Lemma x_I01 {i t} : 0 <= t -> I01 (x i t). Proof. by move=> /(sol_I01 i)[]. Qed.
Lemma y_I01 {i t} : 0 <= t -> I01 (y i t). Proof. by move=> /(sol_I01 i)[]. Qed.

Lemma Y_deriv {t} : 0 <= t -> has_deriv Rplus_half Y t (dY t).
Proof.
move=> t0; apply: has_deriv_sum => j.
by apply: has_deriv_comp (y_deriv j _ t0) (h_deriv j _ (y_I01 t0)) => s; apply: y_I01.
Qed.

Lemma cont_comp01 {u v : R -> R} {t} : 0 <= t ->
  (forall s, 0 <= s -> I01 (u s)) -> cont_at u t ->
  v @ within I01 (nbhs (u t)) --> v (u t) -> cont_at (fun s => v (u s)) t.
Proof. by move=> t0 uI u_cont; apply: cvg_comp (cvg_within_map uI u_cont). Qed.

Lemma cont_at_right {u : R -> R} {tau} : 0 <= tau -> cont_at u tau -> u @ tau^'+ --> u tau.
Proof. by move=> tau0; apply: cvg_trans; apply/cvg_app/at_right_Rplus. Qed.

Lemma xg_cont i {t} : 0 <= t -> cont_at (xg i) t.
Proof.
move=> t0; have x_cont := has_deriv_cvg (x_deriv i _ t0).
exact: (cvgM x_cont (cont_comp01 t0 (@x_I01 i) x_cont (g_cont i _ (x_I01 t0)))).
Qed.

Lemma slope_cont j {t} : 0 <= t -> cont_at (slope j) t.
Proof.
move=> t0; apply: (cont_comp01 t0 (@y_I01 j) (has_deriv_cvg (y_deriv j _ t0))).
exact: dh_cont j _ (y_I01 t0).
Qed.

Lemma dY_cont {t} : 0 <= t -> cont_at dY t.
Proof.
move=> t0; apply: cvg_sum => j.
exact: (cvgM (slope_cont j t0) (cvgB (cvgM (xg_cont j t0) (has_deriv_cvg (Y_deriv t0)))
  (cvgM (cvg_cst gamma) (has_deriv_cvg (y_deriv j _ t0))))).
Qed.

Lemma P_cont {t} : 0 <= t -> cont_at P t.
Proof.
by move=> t0; apply: cvg_sum => j; exact: (cvgM (slope_cont j t0) (xg_cont j t0)).
Qed.

Lemma slope_ge0 j {t} : 0 <= t -> 0 <= slope j t.
Proof. by move=> t0; apply: (deriv_ge0 (h_deriv j) (h_incr j) (h_concave j)); exact: y_I01. Qed.

Lemma slope_le j {t} : 0 <= t -> slope j t <= dh j 0.
Proof.
move=> t0; have Iy := y_I01 (i := j) t0.
exact: (deriv_nonincreasing (h_deriv j) (h_concave j) I01_0 Iy (I01_ge0 Iy)).
Qed.

Lemma xg_ge0 i {t} : 0 <= t -> 0 <= xg i t.
Proof.
move=> t0; have Ix := x_I01 (i := i) t0.
by rewrite mulr_ge0 ?(I01_ge0 Ix) ?ltW ?g_gt0.
Qed.

Lemma xg_le i {t} : 0 <= t -> xg i t <= g i 1.
Proof.
move=> t0; have Ix := x_I01 (i := i) t0; have [x1|x1] := ltP (x i t) 1.
  by have := xg_incr i _ _ Ix I01_1 x1; rewrite mul1r => /ltW.
by rewrite /xg (_ : x i t = 1) ?mul1r //; have := I01_le1 Ix; lra.
Qed.

Lemma h_ge0 j z : I01 z -> 0 <= h j z.
Proof.
move=> Iz; rewrite -(h0 j); have [z0|z0] := ltP 0 z.
  exact: ltW (h_incr j _ _ I01_0 Iz z0).
by have -> : z = 0 by have := I01_ge0 Iz; lra.
Qed.

Lemma h_le j z : I01 z -> h j z <= h j 1.
Proof.
move=> Iz; have [z1|z1] := ltP z 1; first exact: ltW (h_incr j _ _ Iz I01_1 z1).
by have -> : z = 1 by have := I01_le1 Iz; lra.
Qed.

Lemma Y_ge0 {t} : 0 <= t -> 0 <= Y t.
Proof. by move=> t0; apply: sumr_ge0 => j _; apply/h_ge0/y_I01. Qed.

Lemma Y_le {t} : 0 <= t -> Y t <= \sum_(j < n) h j 1.
Proof. by move=> t0; apply: ler_sum => j _; apply/h_le/y_I01. Qed.

Lemma P_ge0 {t} : 0 <= t -> 0 <= P t.
Proof. by move=> t0; apply: sumr_ge0 => j _; rewrite mulr_ge0 ?slope_ge0 ?xg_ge0. Qed.

Definition P_max := \sum_(j < n) dh j 0 * g j 1.

Lemma P_le {t} : 0 <= t -> P t <= P_max.
Proof.
by move=> t0; apply: ler_sum => j _; rewrite ler_pM ?slope_ge0 ?xg_ge0 ?slope_le ?xg_le.
Qed.

Lemma x_add_y_le1 i {t} : 0 <= t -> x i t + y i t <= 1.
Proof.
move=> t0; apply: le_trans (xy0_le1 i).
apply: (nonincreasing_on_Rplus (u := fun s => x i s + y i s)
  (fun s => - (xg i s * Y s) + dy i s)) => // s.
  by move=> s0; exact: has_derivD (x_deriv i _ s0) (y_deriv i _ s0).
move=> /andP[s0 _]; have := mulr_ge0 (ltW gamma_gt0) (I01_ge0 (y_I01 (i := i) s0)).
by rewrite /dy; lra.
Qed.

Lemma y_j1_gt0 {t} : 0 <= t -> 0 < y j1 t.
Proof.
move=> t0; pose u s := - (expR (gamma * s) * y j1 s).
have : u t <= u 0.
  apply: (nonincreasing_on_Rplus (fun s => - (gamma * expR (gamma * s) * y j1 s
    + expR (gamma * s) * dy j1 s))) => // s.
    by move=> s0; exact/has_derivN/(has_derivM (has_deriv_expR _ _ _) (y_deriv j1 _ s0)).
  move=> /andP[s0 _]; rewrite /dy oppr_le0.
  have -> : gamma * expR (gamma * s) * y j1 s +
      expR (gamma * s) * (xg j1 s * Y s - gamma * y j1 s) =
      expR (gamma * s) * (xg j1 s * Y s) by ring.
  by apply: mulr_ge0; [exact: expR_ge0 | apply: mulr_ge0; [exact: xg_ge0 | exact: Y_ge0]].
rewrite /u mulr0 expR0 mul1r lerN2 => H.
by have := lt_le_trans y_j1_0_gt0 H; rewrite pmulr_rgt0 // expR_gt0.
Qed.

Lemma Y_gt0 {t} : 0 <= t -> 0 < Y t.
Proof.
move=> t0; rewrite /Y (bigD1 j1) //= ltr_pwDl //.
  rewrite -(h0 j1); apply: h_incr; [exact: I01_0 | exact: y_I01 | exact: y_j1_gt0].
by apply: sumr_ge0 => j _; apply/h_ge0/y_I01.
Qed.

--

--- Assignment ---
The answer should consist of the full listing, repeated exactly.

--- Written reply ---
Lemma x_I01 {i t} : 0 <= t -> I01 (x i t). Proof. by move=> /(sol_I01 i)[]. Qed.
Lemma y_I01 {i t} : 0 <= t -> I01 (y i t). Proof. by move=> /(sol_I01 i)[]. Qed.

Lemma Y_deriv {t} : 0 <= t -> has_deriv Rplus_half Y t (dY t).
Proof.
move=> t0; apply: has_deriv_sum => j.
by apply: has_deriv_comp (y_deriv j _ t0) (h_deriv j _ (y_I01 t0)) => s; apply: y_I01.
Qed.

Lemma cont_comp01 {u v : R -> R} {t} : 0 <= t ->
  (forall s, 0 <= s -> I01 (u s)) -> cont_at u t ->
  v @ within I01 (nbhs (u t)) --> v (u t) -> cont_at (fun s => v (u s)) t.
Proof. by move=> t0 uI u_cont; apply: cvg_comp (cvg_within_map uI u_cont). Qed.

Lemma cont_at_right {u : R -> R} {tau} : 0 <= tau -> cont_at u tau -> u @ tau^'+ --> u tau.
Proof. by move=> tau0; apply: cvg_trans; apply/cvg_app/at_right_Rplus. Qed.

Lemma xg_cont i {t} : 0 <= t -> cont_at (xg i) t.
Proof.
move=> t0; have x_cont := has_deriv_cvg (x_deriv i _ t0).
exact: (cvgM x_cont (cont_comp01 t0 (@x_I01 i) x_cont (g_cont i _ (x_I01 t0)))).
Qed.

Lemma slope_cont j {t} : 0 <= t -> cont_at (slope j) t.
Proof.
move=> t0; apply: (cont_comp01 t0 (@y_I01 j) (has_deriv_cvg (y_deriv j _ t0))).
exact: dh_cont j _ (y_I01 t0).
Qed.

Lemma dY_cont {t} : 0 <= t -> cont_at dY t.
Proof.
move=> t0; apply: cvg_sum => j.
exact: (cvgM (slope_cont j t0) (cvgB (cvgM (xg_cont j t0) (has_deriv_cvg (Y_deriv t0)))
  (cvgM (cvg_cst gamma) (has_deriv_cvg (y_deriv j _ t0))))).
Qed.

Lemma P_cont {t} : 0 <= t -> cont_at P t.
Proof.
by move=> t0; apply: cvg_sum => j; exact: (cvgM (slope_cont j t0) (xg_cont j t0)).
Qed.

Lemma slope_ge0 j {t} : 0 <= t -> 0 <= slope j t.
Proof. by move=> t0; apply: (deriv_ge0 (h_deriv j) (h_incr j) (h_concave j)); exact: y_I01. Qed.

Lemma slope_le j {t} : 0 <= t -> slope j t <= dh j 0.
Proof.
move=> t0; have Iy := y_I01 (i := j) t0.
exact: (deriv_nonincreasing (h_deriv j) (h_concave j) I01_0 Iy (I01_ge0 Iy)).
Qed.

Lemma xg_ge0 i {t} : 0 <= t -> 0 <= xg i t.
Proof.
move=> t0; have Ix := x_I01 (i := i) t0.
by rewrite mulr_ge0 ?(I01_ge0 Ix) ?ltW ?g_gt0.
Qed.

Lemma xg_le i {t} : 0 <= t -> xg i t <= g i 1.
Proof.
move=> t0; have Ix := x_I01 (i := i) t0; have [x1|x1] := ltP (x i t) 1.
  by have := xg_incr i _ _ Ix I01_1 x1; rewrite mul1r => /ltW.
by rewrite /xg (_ : x i t = 1) ?mul1r //; have := I01_le1 Ix; lra.
Qed.

Lemma h_ge0 j z : I01 z -> 0 <= h j z.
Proof.
move=> Iz; rewrite -(h0 j); have [z0|z0] := ltP 0 z.
  exact: ltW (h_incr j _ _ I01_0 Iz z0).
by have -> : z = 0 by have := I01_ge0 Iz; lra.
Qed.

Lemma h_le j z : I01 z -> h j z <= h j 1.
Proof.
move=> Iz; have [z1|z1] := ltP z 1; first exact: ltW (h_incr j _ _ Iz I01_1 z1).
by have -> : z = 1 by have := I01_le1 Iz; lra.
Qed.

Lemma Y_ge0 {t} : 0 <= t -> 0 <= Y t.
Proof. by move=> t0; apply: sumr_ge0 => j _; apply/h_ge0/y_I01. Qed.

Lemma Y_le {t} : 0 <= t -> Y t <= \sum_(j < n) h j 1.
Proof. by move=> t0; apply: ler_sum => j _; apply/h_le/y_I01. Qed.

Lemma P_ge0 {t} : 0 <= t -> 0 <= P t.
Proof. by move=> t0; apply: sumr_ge0 => j _; rewrite mulr_ge0 ?slope_ge0 ?xg_ge0. Qed.

Definition P_max := \sum_(j < n) dh j 0 * g j 1.

Lemma P_le {t} : 0 <= t -> P t <= P_max.
Proof.
by move=> t0; apply: ler_sum => j _; rewrite ler_pM ?slope_ge0 ?xg_ge0 ?slope_le ?xg_le.
Qed.

Lemma x_add_y_le1 i {t} : 0 <= t -> x i t + y i t <= 1.
Proof.
move=> t0; apply: le_trans (xy0_le1 i).
apply: (nonincreasing_on_Rplus (u := fun s => x i s + y i s)
  (fun s => - (xg i s * Y s) + dy i s)) => // s.
  by move=> s0; exact: has_derivD (x_deriv i _ s0) (y_deriv i _ s0).
move=> /andP[s0 _]; have := mulr_ge0 (ltW gamma_gt0) (I01_ge0 (y_I01 (i := i) s0)).
by rewrite /dy; lra.
Qed.

Lemma y_j1_gt0 {t} : 0 <= t -> 0 < y j1 t.
Proof.
move=> t0; pose u s := - (expR (gamma * s) * y j1 s).
have : u t <= u 0.
  apply: (nonincreasing_on_Rplus (fun s => - (gamma * expR (gamma * s) * y j1 s
    + expR (gamma * s) * dy j1 s))) => // s.
    by move=> s0; exact/has_derivN/(has_derivM (has_deriv_expR _ _ _) (y_deriv j1 _ s0)).
  move=> /andP[s0 _]; rewrite /dy oppr_le0.
  have -> : gamma * expR (gamma * s) * y j1 s +
      expR (gamma * s) * (xg j1 s * Y s - gamma * y j1 s) =
      expR (gamma * s) * (xg j1 s * Y s) by ring.
  by apply: mulr_ge0; [exact: expR_ge0 | apply: mulr_ge0; [exact: xg_ge0 | exact: Y_ge0]].
rewrite /u mulr0 expR0 mul1r lerN2 => H.
by have := lt_le_trans y_j1_0_gt0 H; rewrite pmulr_rgt0 // expR_gt0.
Qed.

Lemma Y_gt0 {t} : 0 <= t -> 0 < Y t.
Proof.
move=> t0; rewrite /Y (bigD1 j1) //= ltr_pwDl //.
  rewrite -(h0 j1); apply: h_incr; [exact: I01_0 | exact: y_I01 | exact: y_j1_gt0].
by apply: sumr_ge0 => j _; apply/h_ge0/y_I01.
Qed.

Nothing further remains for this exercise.